- Source records:
▽
Lemma norm_fb_gap_le (L : R) x u : lipschitz_grad f L ->
  `|fb_gap f gam x u| <= (L / 2 + 1 / (2 * gam)) * dotp (u - x) (u - x).
Proof.
move=> f_lip; have := descent_lemma f_diff L x u f_lip.
have : 0 <= 1 / (2 * gam) * dotp (u - x) (u - x).
  by rewrite mulr_ge0 ?dotp_ge0 // divr_ge0 // mulr_ge0 // ltW.
by rewrite /fb_gap !ler_norml => ? /andP[? ?]; apply/andP; split; lra.
Qed.

Lemma fb_gap_cvg0 {L : R} {T : Type} (F : set_system T) {FF : Filter F}
    {y z : T -> 'rV[R]_n} :
  lipschitz_grad f L -> (fun t => y t - z t) @ F --> (0 : 'rV[R]_n) ->
  (fun t => fb_gap f gam (y t) (z t)) @ F --> (0 : R).
Proof.
move=> f_lip yz_cvg; set K := L / 2 + 1 / (2 * gam).
have bound_cvg : (fun t => K * dotp (y t - z t - 0) (y t - z t - 0)) @ F --> (0 : R).
  by have := cvgMl_tmp (a := K) ((cvg_dotpP F _ _).1 yz_cvg); rewrite mulr0; apply.
apply: norm_cvg0; apply: (squeeze_cvgr _ (cvg_cst 0) bound_cvg).
near=> t; rewrite normr_ge0 subr0 -opprB dotpNl dotpNr opprK.
exact: norm_fb_gap_le.
Unshelve. all: by end_near.
Qed.

Lemma fbe_ge_min (L : R) xs x : lipschitz_grad f L -> L / 2 <= 1 / (2 * gam) ->
  (forall y, (phi f g xs <= phi f g y)%E) -> (phi f g xs <= fbe f g gam x)%E.
Proof.
move=> f_lip Lgam xs_min; apply/ereal_infP => _ [u _ <-].
rewrite -/(fb_model f g gam x u) fb_modelE; apply: le_trans (xs_min u) _.
by apply: leeDl; rewrite lee_fin (fb_gap_ge0 _ _ _ f_lip Lgam).
Qed.

End ForwardBackwardEnvelope.

Lemma lower_semicontinuous_cvg_le {X : topologicalType} {R : realType}
    (h : X -> \bar R) {T : Type} (F : set_system T) {PF : ProperFilter F}
    {z : T -> X} {a : T -> R} {z0 : X} {a0 : R} :
  lower_semicontinuous h -> z @ F --> z0 -> a @ F --> a0 ->
  (forall t, (h (z t) <= (a t)%:E)%E) -> (h z0 <= a0%:E)%E.
Proof.
move=> h_lsc z_cvg a_cvg h_le; apply/lee_addgt0Pr => e e0.
rewrite leNgt -EFinD; apply/negP => /h_lsc[V V_z0 hV].
have near_z : \forall t \near F, V (z t) := z_cvg V V_z0.
have near_a : \forall t \near F, a t < a0 + e by apply: cvgr_lt a_cvg _ _; rewrite ltrDl.
have [t [/hV ht a_lt]] := filter_ex (filterI near_z near_a).
by have := lt_le_trans ht (h_le t); rewrite lte_fin; lra.
Qed.

Lemma lipschitz_grad_continuous {R : realType} {n : nat} {f : 'rV[R]_n -> R} {L : R} :
  lipschitz_grad f L -> continuous (grad f).
Proof.
move=> f_lip y; apply/(cvg_dotpP (nbhs y)).
have y_cvg : (fun z => L ^+ 2 * dotp (z - y) (z - y)) @ y --> (0 : R).
  have := cvgMl_tmp (a := L ^+ 2) ((cvg_dotpP (nbhs y) id y).1 cvg_id).
  by rewrite mulr0; apply.
apply: (squeeze_cvgr _ (cvg_cst 0) y_cvg); near=> z; rewrite dotp_ge0 /=.
have Lz_ge0 : 0 <= L * enorm (z - y) := le_trans (enorm_ge0 _) (f_lip z y).
by rewrite -!enorm_sqr -exprMn lerXn2r ?nnegrE ?enorm_ge0 //; exact: f_lip.
Unshelve. all: by end_near.
Qed.

Lemma prox_fin_num {R : realType} {n : nat} {g : 'rV[R]_n -> \bar R} {gam : R}
    {w z : 'rV[R]_n} :
  proper_fun g -> prox g gam w z -> g z \is a fin_num.
Proof.
move=> [g_nNy [u gu_fin]] z_prox; rewrite fin_numE g_nNy /=; apply/eqP => gz.
by have := z_prox u; rewrite gz addye // -(fineK gu_fin) -EFinD leye_eq.
Qed.

Section ClosedGraph.
Context {R : realType} {n : nat} {f : 'rV[R]_n -> R} {g : 'rV[R]_n -> \bar R} {gam : R}.
Hypotheses (g_lsc : lower_semicontinuous g) (g_nNy : forall x, g x != -oo%E).
Context {T : Type} {F : set_system T} {PF : ProperFilter F}.

Lemma prox_closed_graph {w z : T -> 'rV[R]_n} {w0 z0 : 'rV[R]_n} :
  w @ F --> w0 -> z @ F --> z0 -> (forall t, prox g gam (w t) (z t)) ->
  prox g gam w0 z0.
Proof.
move=> w_cvg z_cvg z_prox u; set c := 1 / (2 * gam).
have sqr_cvg (v : T -> 'rV[R]_n) v0 :
    v @ F --> v0 -> (fun t => c * dotp (v t) (v t)) @ F --> c * dotp v0 v0.
  by move=> v_cvg; apply: cvgMl_tmp; exact: continuous_cvg (dotp_continuous _) v_cvg.
case gu : (g u) => [G | | ]; last by have := g_nNy u; rewrite gu.
- rewrite -EFinD -leeBrDr // -EFinB.
  apply: (@lower_semicontinuous_cvg_le _ _ g _ F PF z
    (fun t => G + c * dotp (u - w t) (u - w t) - c * dotp (z t - w t) (z t - w t))) => //.
  + apply: cvgB; [apply: cvgD; [exact: cvg_cst |] | by apply: sqr_cvg; apply: cvgB].
    by apply: sqr_cvg; apply: cvgB => //; exact: cvg_cst.
  + by move=> t; rewrite EFinB leeBrDr // EFinD -gu; exact: z_prox.
- by rewrite addye // leey.
Qed.

Lemma Tg_closed_graph {y z : T -> 'rV[R]_n} {y0 z0 : 'rV[R]_n} :
  continuous (grad f) -> y @ F --> y0 -> z @ F --> z0 ->
  (forall t, Tg f g gam (y t) (z t)) -> Tg f g gam y0 z0.
Proof.
move=> grad_cont y_cvg; apply: prox_closed_graph.
by apply: cvgB => //; apply: cvgZl_tmp; exact: continuous_cvg (grad_cont _) y_cvg.
Qed.

End ClosedGraph.

Lemma cvg_subseq {T : topologicalType} (u : nat -> T) (l : T) (s : nat -> nat) :
  {homo s : a b / (a < b)%N} -> u @ \oo --> l -> (u \o s) @ \oo --> l.
Proof.
move=> s_incr u_cvg; apply: cvg_comp u_cvg; apply/cvgnyPge => N; exists N => // k /= Nk.
apply: leq_trans Nk _; elim: k => // k IH; exact: leq_ltn_trans IH (s_incr _ _ (ltnSn k)).
Qed.

Lemma subr_cvg0_cvg {K : numFieldType} {V : normedModType K} {T : Type}
    (F : set_system T) {FF : Filter F} (u v : T -> V) (p : V) :
  (fun t => u t - v t) @ F --> 0 -> u @ F --> p -> v @ F --> p.
Proof.
move=> uv0 u_cvg; rewrite -(subr0 p).
have -> : v = (fun t => u t - (u t - v t)) by apply: funext => t; rewrite subKr.
exact: cvgB.
Qed.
△
- Assignment: Taking the records above, retype every line from the one with "- by rewrite addye // leey." down to the one with "End ClosedGraph.", exactly and with nothing else.

- Solved problem:
- by rewrite addye // leey.
Qed.

Lemma Tg_closed_graph {y z : T -> 'rV[R]_n} {y0 z0 : 'rV[R]_n} :
  continuous (grad f) -> y @ F --> y0 -> z @ F --> z0 ->
  (forall t, Tg f g gam (y t) (z t)) -> Tg f g gam y0 z0.
Proof.
move=> grad_cont y_cvg; apply: prox_closed_graph.
by apply: cvgB => //; apply: cvgZl_tmp; exact: continuous_cvg (grad_cont _) y_cvg.
Qed.

End ClosedGraph.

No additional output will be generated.